The discussion revolves around the nature of light and color perception, particularly focusing on why organisms, including humans, have evolved to detect a specific range of electromagnetic radiation (EMR) known as visible light. Participants explore the properties of EMR, the evolutionary significance of visible light, and the implications of different wavelengths on biological detection mechanisms.

Discussion Character

  • Exploratory
  • Debate/contested
  • Conceptual clarification

Main Points Raised

  • Some participants note that color and light are subjective properties assigned by our brains to the interaction between our eyes and EMR, questioning the evolutionary basis for the limited range of visible light detection.
  • There is a suggestion that different species have evolved to detect various parts of the EM spectrum, with some having good infrared vision.
  • One participant raises the question of whether specific qualities of EMR, such as frequency and amplitude, contribute to the evolutionary development of visual systems.
  • Another participant discusses the structural requirements for detecting different frequencies, suggesting that longer wavelengths like radio waves would require larger structures, which may not have evolved.
  • Some argue that the evolutionary pressures faced by nocturnal versus diurnal animals could explain the development of different visual sensitivities, such as infrared versus color vision.
  • A participant questions why organisms evolved to detect visible light specifically, considering the sun emits a wide range of EMR, and whether the intensity of EMR in the visible range plays a role.
  • Concerns are raised about the potential damaging effects of wavelengths outside the visible spectrum on biological structures, particularly regarding UV and higher frequencies.
  • One participant explains that the intensity of EMR decreases significantly beyond the visible spectrum, contributing to the perception of darkness at higher wavelengths.

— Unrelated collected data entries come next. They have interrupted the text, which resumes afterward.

(* Let $N\ge3$, $G\in\mathcal G_3(N)$ and $u\in V(G)$. Then $u$ is not a leaf of $G$ if and only if $c(G|s)=\infty$ for every state $s=(x^1,\dots,x^{N-1},u,N)\in S^N\cap S_{nc}$ (robber on $u$, robber to move).
   Context: Board and moves: $G=(V,E)$ finite, simple, connected, undirected. There are $N\ge3$ tokens, cops $C_1,\dots,C_{N-1}$ (tokens $1,\dots,N-1$) and robber $R$ (token $N$). A state is $s=(x^1,\dots,x^N,n)$ with $x^i\in V$ the position of token $i$ and $n$ the token to move; $S^n$ is the set of states with token $n$ to move; $s$ is a capture state if $x^i=x^N$ for some $i\le N-1$, and $S_{nc}$ is the set of noncapture states. In each turn the token to move moves to a vertex of its closed neighbourhood (may stay put); order $C_1,\dots,C_{N-1},R,C_1,\dots$; the game ends at the first capture. The modified cops-and-robber (CR) game is the two-player zero-sum game where one player controls all cops, the other the robber, and if capture occurs at time $t$ (number of turns) the robber's payoff is $-\gamma^t$ ($0$ if never), $\gamma\in(0,1)$. $\widehat\Sigma^n$ denotes the set of pure positional strategies of token $n$ that are components of optimal strategies in this game (CR-optimal strategies). For $s\in S_{nc}$, whenever CR-optimal play from $s$ leads to capture, it is always the same cop, denoted $\widehat C(s)$, that effects it. State cop number. For $s\in S_{nc}$, $c(G|s)=c_N(G|s)$ is the minimum $k\in\{1,\dots,N-1\}$ for which there exist $k$ cops and strategies for them such that, starting from $s$, a capture (by any cop) occurs whatever the other $N-k$ tokens (including $R$) do; $c(G|s)=\infty$ if no such $k$ exists. $c(G)$ is the classical cop number of $G$. Graph classes. $\mathcal G(N)=\{G: c(G)>N-1\}$; $\mathcal G_1(N)=\{G\in\mathcal G(N):\exists s\in S_{nc}\text{ with } c(G|s)\in\{2,\dots,N-1\}\}$; $\mathcal G_1'(N)=\mathcal G(N)\setminus\mathcal G_1(N)$; $\mathcal G_2(N)=\{G\in\mathcal G(N): c(G|s)=\infty\text{ for all } s\in S^N\cap S_{nc}\}$; $\mathcal G_2'(N)=\mathcal G_1'(N)\setminus\mathcal G_2(N)$. Say that a state $s\in S_{nc}$ with $c(G|s)=1$ and $\widehat C(s)=C_m$ has the sure-capture property if for every $\widehat\sigma^m\in\widehat\Sigma^m$ and every strategy profile $\sigma^{-m}$ of the other tokens, play from $s$ under $(\widehat\sigma^m,\sigma^{-m})$ ends in a capture in which $C_m$ is on the robber's vertex. $\mathcal G_3(N)$ is the set of $G\in\mathcal G_2'(N)$ in which every $s\in S_{nc}$ with $c(G|s)=1$ has the sure-capture property. *)

From Stdlib Require Import Reals ClassicalEpsilon.
From mathcomp Require Import all_boot.

Set Implicit Arguments.
Unset Strict Implicit.
Unset Printing Implicit Defensive.

Definition simple_connected_graph (T : finType) (e : rel T) : Prop :=
  symmetric e /\ irreflexive e /\ (forall x y : T, connect e x y).

Definition closed_nbhd (T : finType) (e : rel T) (x y : T) : bool :=
  (x == y) || e x y.

Definition leaf (T : finType) (e : rel T) (u : T) : bool :=
  #|[set v | e u v]| == 1.

(* Classical game with k cops: the cops choose initial vertices, then the    *)
(* robber chooses his; then alternately all cops move (each to its closed    *)
(* neighbourhood), then the robber moves. Cops win if some cop eventually   *)

Section Classical.
Variables (T : finType) (e : rel T).

(* (cop positions, robber position, cops_to_move) *)
Definition cstate (k : nat) : Type := ({ffun 'I_k -> T} * T * bool)%type.

Definition ccapture (k : nat) (s : cstate k) : Prop :=
  exists i : 'I_k, s.1.1 i = s.1.2.

Definition cop_hist_strategy (k : nat) : Type :=
  seq (cstate k) -> cstate k -> {ffun 'I_k -> T}.

Definition cop_hist_strategy_legal (k : nat) (sg : cop_hist_strategy k) : Prop :=
  forall h (s : cstate k) (i : 'I_k), closed_nbhd e (s.1.1 i) (sg h s i).

Definition classical_play (k : nat) (sg : cop_hist_strategy k)
    (p : nat -> cstate k) : Prop :=
  forall t : nat,
    if (p t).2 then
      p t.+1 = (sg [seq p i | i <- iota 0 t] (p t), (p t).1.2, false)
    else
      exists r' : T, closed_nbhd e (p t).1.2 r' /\
                     p t.+1 = ((p t).1.1, r', true).

Definition cop_win (k : nat) : Prop :=
  exists c0 : {ffun 'I_k -> T}, forall r0 : T,
    exists sg : cop_hist_strategy k, cop_hist_strategy_legal sg /\
      forall p : nat -> cstate k, p 0 = (c0, r0, true) ->
        classical_play sg p -> exists t, ccapture (p t).

(* c(G) > m, with c(G) = min { k >= 1 | k cops win } *)
Definition cop_number_gt (m : nat) : Prop :=
  forall k, 1 <= k <= m -> ~ cop_win k.

End Classical.

(* The N-token game, N = n.+1: tokens 'I_n.+1, cops C_1..C_{N-1} are the     *)
(* tokens of value 0..n-1, the robber R is ord_max (value n = N-1).          *)
(* Move order C_1, ..., C_{N-1}, R, C_1, ...                                 *)

Section Game.
Variables (T : finType) (e : rel T) (n : nat).

Definition token : Type := 'I_n.+1.
Definition robber : token := ord_max.
Definition is_cop (i : token) : bool := i != robber.

(* a state: positions of the N tokens and the token to move *)
Definition state : Type := ({ffun 'I_n.+1 -> T} * 'I_n.+1)%type.

Definition capture (s : state) : bool :=
  [exists i : 'I_n.+1, is_cop i && (s.1 i == s.1 robber)].

Definition next_tok (i : token) : token := inord (i.+1 %% n.+1).

Definition move (s : state) (y : T) : state :=
  ([ffun j => if j == s.2 then y else s.1 j], next_tok s.2).

(* joint (history-dependent) strategy of a coalition of cops:
   history of previous states, current state |-> vertex for the mover *)
Definition coal_strategy : Type := seq state -> state -> T.

Definition coal_strategy_legal (A : {set token}) (sg : coal_strategy) : Prop :=
  forall h (s : state), s.2 \in A -> closed_nbhd e (s.1 s.2) (sg h s).

Definition coal_play (A : {set token}) (sg : coal_strategy)
    (s : state) (p : nat -> state) : Prop :=
  p 0 = s /\
  forall t : nat, exists y : T,
    closed_nbhd e ((p t).1 (p t).2) y /\ p t.+1 = move (p t) y /\
    ((p t).2 \in A -> y = sg [seq p i | i <- iota 0 t] (p t)).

Areas of Agreement / Disagreement

Participants express a range of views on the evolutionary significance of visible light detection, with no consensus reached on the specific reasons for this evolutionary adaptation. Multiple competing perspectives on the properties of EMR and their implications for biological detection remain present throughout the discussion.

Contextual Notes

Participants acknowledge the complexity of EMR and its interaction with biological systems, highlighting the need for further exploration of the assumptions underlying their claims about evolutionary pressures and the properties of different wavelengths.

  • #61
Furyan5 said:
We don't actually see light, we see because of light. Our brain doesn't create a visual representation of light itself, for us to perceive. The brain interprets light into sensations such as colors and brightness. It's this we perceive. It's through colors and brightness that we perceive objects. The contrast from its surrounding colors and brightness.
Well, we "see light" in the sense that photons themselves hit photosensors and trigger a response.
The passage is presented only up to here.